3.     CLIENT'S OBLIGATIONS:

 

The Client will:

(a) Provide sufficient information, instructions, and documents in due time to enable the required services to be performed, not later than 48 hours before the desired intervention.

(b) Grant necessary access for the Company's representatives to the premises where the services will be performed and eliminate any obstacles or interruptions.

(c) Supply any special equipment and personnel required for the performance of the services.

(d) Ensure safety and security during service performance and not rely solely on the Company's advice.

(e) Notify the Company in advance of any known hazards or dangers associated with any order or testing, such as radiation, toxic elements, or environmental pollution.

(f) Fulfill all rights and liabilities under relevant sales or other contracts with third parties and the law.

 

4.     FEES AND PAYMENT:

 

(a) Fees not established at the time of order placement or contract negotiation will be based on the Company's standard rates, subject to change, with applicable taxes payable by the Client.

(b) Payment shall be made within 30 days from the relevant invoice date or as specified by the Company. Late payment will incur interest at the rate established in the invoice.

(c) The Client shall not withhold payment on account of any dispute or claim against the Company.

(d) The Company may take legal action to collect unpaid fees.

(e) The Client shall pay all collection costs, including attorney's fees.

 

5.     SUSPENSION or TERMINATION OF SERVICES:

 

The Company may suspend or terminate services without liability in the event of the Client's failure to comply with obligations or suspension of payment, bankruptcy, insolvency, or cessation of business.

 

6.     LIABILITY AND INDEMNIFICATION:

 

(a) The Company is not an insurer or guarantor and disclaims liability as such. The Client is responsible for acting based on Reports of Findings. The Company is not liable for non-performance due to events beyond its control or incorrect results from unclear or false information.

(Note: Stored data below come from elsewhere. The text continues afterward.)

Lemma ptsum_tail2 x y : ptsum (tail2 n x y) = x + y.
Proof.
have HNN1 : N != N1 := ord_gt_neq N1_lt_N.
rewrite /ptsum (bigD1 N1) //= (bigD1 N HNN1) /= big1 => [|t /andP [H1 H2]].
  have /negbTE Hne : n.-2 != n.-1 by apply/eqP; lia.
  by rewrite !ffunE /= N_val N1_val !eqxx Hne addn0.
rewrite ffunE /=; have := ord_lt_N1 H1 H2; rewrite N1_val => Ht.
by case: eqP => [|_]; [lia | case: eqP => //; lia].
Qed.

(* The three excluded shapes of [a] are those supported on the last two coordinates with
   [a N1 <= 2]. *)
Lemma a_tail_large : (forall t : 'I_n, t < N1 -> a t = 0) -> 2 < a N1.
Proof.
move=> Hlow; have Ha := tail2_eq Hlow.
have Hd : d = a N1 + a N by move: a_inV; rewrite /inV {1}Ha ptsum_tail2 => /eqP.
rewrite ltnNge; apply/negP => Hsmall.
have : a N1 = 0 \/ a N1 = 1 \/ a N1 = 2 by lia.
by case=> [H|[H|H]]; [apply: a_ne0 | apply: a_ne1 | apply: a_ne2];
  rewrite {1}Ha H Hd; congr tail2; lia.
Qed.

(* [P] and [Q] play the first two links of a window, [R] its last link and [U] the sum of all
   links but the last. A candidate is a point y of V(n,d) with y <= U and y < P (first kind)
   or y <= Q + R and y < Q (second kind); [only_a] says that [a] is the only candidate. *)
Section Core.
Variables (P Q R U x : pt n).
Hypotheses (P_inV : inV d P) (Q_inV : inV d Q) (Q_ne_a : Q <> a)
  (PQ_le_U : forall t, P t + Q t <= U t).
Hypotheses (x_ne_a : x <> a) (x_inV : inV d x) (x_le_UR : forall t, x t <= U t + R t)
  (x_lt_P : ltlex x P).
Hypothesis only_a : forall y, inV d y ->
  (forall t, y t <= U t) /\ ltlex y P \/ (forall t, y t <= Q t + R t) /\ ltlex y Q -> y = a.

Lemma exists_overflow : exists r, U r < x r.
Proof.
apply: NNPP => Hno; apply: x_ne_a; apply: only_a => //; left; split => // t.
by rewrite leqNgt; apply/negP => Ht; apply: Hno; exists t.
Qed.

Lemma Q_not_ltlex_P : ~ ltlex Q P.
Proof.
move=> HQP; apply: Q_ne_a; apply: only_a => //; left; split => // t.
by have := PQ_le_U t; lia.
Qed.

Section Pivots.
Variables (r r0 : 'I_n).
Hypotheses (x_gt_U : U r < x r) (x_eq_P : forall t : 'I_n, t < r0 -> x t = P t)
  (x_lt_P0 : x r0 < P r0).

Lemma r0_lt_r : r0 < r.
Proof.
rewrite ltnNge leq_eqVlt; apply/negP => /predU1P [/val_inj Er | Hlt].
  by move: x_lt_P0; rewrite -Er; have := PQ_le_U r; lia.
by have := x_eq_P Hlt; have := PQ_le_U r; lia.
Qed.

Lemma P_r0_pos : 0 < P r0.
Proof. by have := x_lt_P0; lia. Qed.

Lemma R_pos : 0 < R r.
Proof. by have := x_le_UR r; lia. Qed.

Lemma exists_Q_pos : exists2 r1 : 'I_n, r1 <= r0 & 0 < Q r1.
Proof.
apply: NNPP => Hno.
have Q0 : forall t : 'I_n, t <= r0 -> Q t = 0.
  by move=> t Ht; apply: NNPP => HQt; apply: Hno; exists t => //; lia.
apply: Q_not_ltlex_P; apply: (ltlex_of_prefix (r := r0)) => [t Ht|]; rewrite Q0 //; lia.
Qed.

Section Support.
Variable r1 : 'I_n.
Hypotheses (r1_le_r0 : r1 <= r0) (Q_r1_pos : 0 < Q r1).

Lemma r1_lt_r : r1 < r.
Proof. exact: leq_ltn_trans r1_le_r0 r0_lt_r. Qed.

(* A unit move of [Q] up to [r] is a candidate of the second kind. *)
Lemma move_Q_eq_a (c : 'I_n) : c < r -> 0 < Q c -> move_unit Q c r = a.
Proof.
move=> Hcr Hc; apply: only_a; first by rewrite /inV ptsum_move_unit.
right; split; last by apply: ltlex_move_unit.
apply: move_unit_le => [|t _|]; [exact: ord_lt_neq | lia | have := R_pos; lia].
Qed.

Lemma a_eq_move_Q : a = move_unit Q r1 r.
Proof. by rewrite move_Q_eq_a // r1_lt_r. Qed.

Lemma Q_below_r (c : 'I_n) : c < r -> c != r1 -> Q c = 0.
Proof.
move=> Hcr Hcr1; apply: NNPP => /eqP; rewrite -lt0n => HQc.
have := congr1 (fun f : pt n => f c) (etrans (move_Q_eq_a Hcr HQc) a_eq_move_Q).
by rewrite move_unit_src ?(move_unit_other _ Hcr1 (ord_lt_neq Hcr)) ?ord_lt_neq //; lia.
Qed.

Lemma a_r1 : a r1 = Q r1 - 1.
Proof. by rewrite a_eq_move_Q move_unit_src // ord_lt_neq // r1_lt_r. Qed.

Lemma a_r : a r = Q r + 1.
Proof. by rewrite a_eq_move_Q move_unit_dst // ord_lt_neq // r1_lt_r. Qed.

Lemma a_eq_Q (t : 'I_n) : t != r1 -> t != r -> a t = Q t.
Proof. by move=> H1 H2; rewrite a_eq_move_Q move_unit_other. Qed.

Section LastOverflow.
Hypothesis r_N : r = N.

Let N1_lt_r : N1 < r. Proof. by rewrite r_N N1_lt_N. Qed.

Lemma last_r1_eq : r1 = N1.
Proof.
case: (eqVneq r1 N1) => // Hr1; exfalso.
have r1_lt_N1 : r1 < N1 by apply: ord_lt_N1; rewrite // -r_N ord_lt_neq ?r1_lt_r.
have N1_ne_r1 : N1 != r1 := ord_gt_neq r1_lt_N1.
have aN1 : a N1 = 0 by rewrite a_eq_Q ?Q_below_r // ord_lt_neq.
have : 2 < a N1 by apply: a_tail_large => t Ht; have := a_sorted (ltnW Ht); lia.
by rewrite aN1.
Qed.

Lemma last_r0_eq : r0 = N1.
Proof.
apply: val_inj => /=; have := r0_lt_r; have := r1_le_r0.
by rewrite r_N last_r1_eq N_val N1_val; lia.
Qed.

Lemma last_a_low (t : 'I_n) : t < N1 -> a t = 0.
Proof.
move=> Ht; have Htr := ltn_trans Ht N1_lt_r.
have Htr1 : t != r1 by rewrite last_r1_eq ord_lt_neq.
by rewrite a_eq_Q ?Q_below_r // ord_lt_neq.
Qed.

(b) The Company's liability for any claim shall not exceed a total aggregate sum equal to 10 times the fee paid for the specific service or US$5,000, whichever is lower.

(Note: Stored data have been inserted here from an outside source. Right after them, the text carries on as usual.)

(* Let $C_i=(Q_i,s_i,D_i,E_i)$, $i\in\{1,2\}$, be finite charts. If $s_1\sim s_2$ (i.e. $C_1\sim C_2$), then $\mathsf{bd}([C_1],[C_2])=0$. Otherwise $\mathsf{bd}([C_1],[C_2])=2^{-n}$, where $n\in\mathbb{N}$ is the largest natural number such that $s_1\sim^{(n)}s_2$.
   Context: Fix a set $V=\{v_1,v_2,\dots\}$ of variables and a set $\Sigma$ of letters. A prechart is a triple $(Q,D,E)$ with $D\subseteq Q\times\Sigma\times Q$ and $E\subseteq Q\times V$ finite relations; write $q\xrightarrow{a}q'$ for $(q,a,q')\in D$, $q\rhd v$ for $(q,v)\in E$, $E(q)=\{v\mid (q,v)\in E\}$. Equivalently a prechart is a pair $(Q,\beta)$ with $\beta:Q\to P_{\mathrm{fin}}(\Sigma\times Q+V)$, $\beta(q)=\{(a,q')\mid q\xrightarrow{a}q'\}\cup E(q)$. A chart $(Q,s,D,E)$ is a prechart with a start state $s\in Q$; it is finite if $Q$ is finite. A bisimulation between precharts $(Q_1,D_1,E_1)$, $(Q_2,D_2,E_2)$ is $R\subseteq Q_1\times Q_2$ such that whenever $(q_1,q_2)\in R$: $E_1(q_1)=E_2(q_2)$; if $q_1\xrightarrow{a}q_1'$ there is $q_2'$ with $q_2\xrightarrow{a}q_2'$ and $(q_1',q_2')\in R$; and symmetrically. States are bisimilar ($\sim$) if related by some bisimulation; charts are bisimilar if their start states are. Stratified bisimilarity: $q_1\sim^{(0)}q_2$ always; $q_1\sim^{(n+1)}q_2$ iff $E_1(q_1)=E_2(q_2)$, every $q_1\xrightarrow{a}q_1'$ is matched by some $q_2\xrightarrow{a}q_2'$ with $q_1'\sim^{(n)}q_2'$, and symmetrically. $\Omega$ is the set of finite charts modulo bisimilarity, made into a prechart by $[(Q,s,D,E)]\xrightarrow{a}[(Q,s',D,E)]$ iff $s\xrightarrow{a}s'$ and $[(Q,s,D,E)]\rhd v$ iff $s\rhd v$. Behavioural distance: a 1-bounded pseudometric on $X$ is $d:X\times X\to[0,1]$ with $d(x,x)=0$, symmetry and triangle inequality; $D_X$ denotes the set of these, ordered pointwise (a complete lattice). For $d\in D_X$ define $d^\uparrow$ on $\Sigma\times X+V$ by $d^\uparrow((a,x),(a,y))=\tfrac12 d(x,y)$, $d^\uparrow(m,n)=0$ if $m=n$, and $d^\uparrow(m,n)=1$ otherwise. The Hausdorff lifting is $\mathcal H(d)(A,B)=\max\{\sup_{x\in A}\inf_{y\in B}d(x,y),\ \sup_{y\in B}\inf_{x\in A}d(y,x)\}$ for finite $A,B\subseteq X$, with $\sup\emptyset=0$ and $\inf\emptyset=1$. For a prechart $(Q,\beta)$, $\Phi_\beta:D_Q\to D_Q$ is $\Phi_\beta(d)(q_1,q_2)=\mathcal H(d^\uparrow)(\beta(q_1),\beta(q_2))$; it is monotone and $\mathsf{bd}_\beta$ denotes its least fixpoint. $\mathsf{bd}$ denotes $\mathsf{bd}_\beta$ for the prechart $\Omega$. *)

From HB Require Import structures.
From mathcomp Require Import all_boot all_order all_algebra.
From Stdlib Require List.
From mathcomp Require Import boolp classical_sets reals.
Set Implicit Arguments. Unset Strict Implicit. Unset Printing Implicit Defensive.
Import Order.TTheory GRing.Theory Num.Theory.
Local Open Scope classical_set_scope.
Local Open Scope ring_scope.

(c) The Company shall not be liable for indirect or consequential losses, including loss of profits orbusiness opportunities, goodwill, or product recall costs. The Company shall not be liable for claims made by third parties, including product liability claims.

 

(d) Any claim by the Client must be made in writing within 30 days of discovering the alleged facts justifying the claim, and the Company shall not be liable if the claim is brought more than one year after the date of service performance.

 

(b) The Client shall indemnify and hold the Company and its officers, employees, agents, or subcontractors harmless from all claims by third parties for loss, damage, or expenses related to the performance or non-performance of services.

 

7.     MISCELLANEOUS:

 

(a) If any provision of these General Conditions is found illegal or unenforceable, the validity and enforceability of the remaining provisions shall not be affected.

 

(b) The Client shall not attempt to hire or entice the Company's employees to leave their employment during the service provision and for one year thereafter.

 

(c) The use of the Company's corporate name or registered marks for advertising purposes is prohibited without the Company's prior written authorization.

 

8.     GOVERNING LAW, JURISDICTION, AND DISPUTE RESOLUTION:

 

All disputes arising out of or in connection with Contractual Relationship(s) shall be governed by the substantive laws of Singapore, exclusive of any conflicts of laws principles. Disputes shall be settled under the Rules of Arbitration of the International Chamber of Commerce by one or more arbitrators appointed in accordance with the said rules. The arbitration shall take place in Singapore and be conducted in English.

 

9.     CONFIDENTIALITY:

 

As used hereinafter, "Confidential Information" shall include Client Information and any information acquired from the other party pursuant to the Contract, provided that it does not fall under exceptions. Neither party shall disclose the other party’s Confidential Information to any person nor entity, except as expressly provided herein, unless required by law.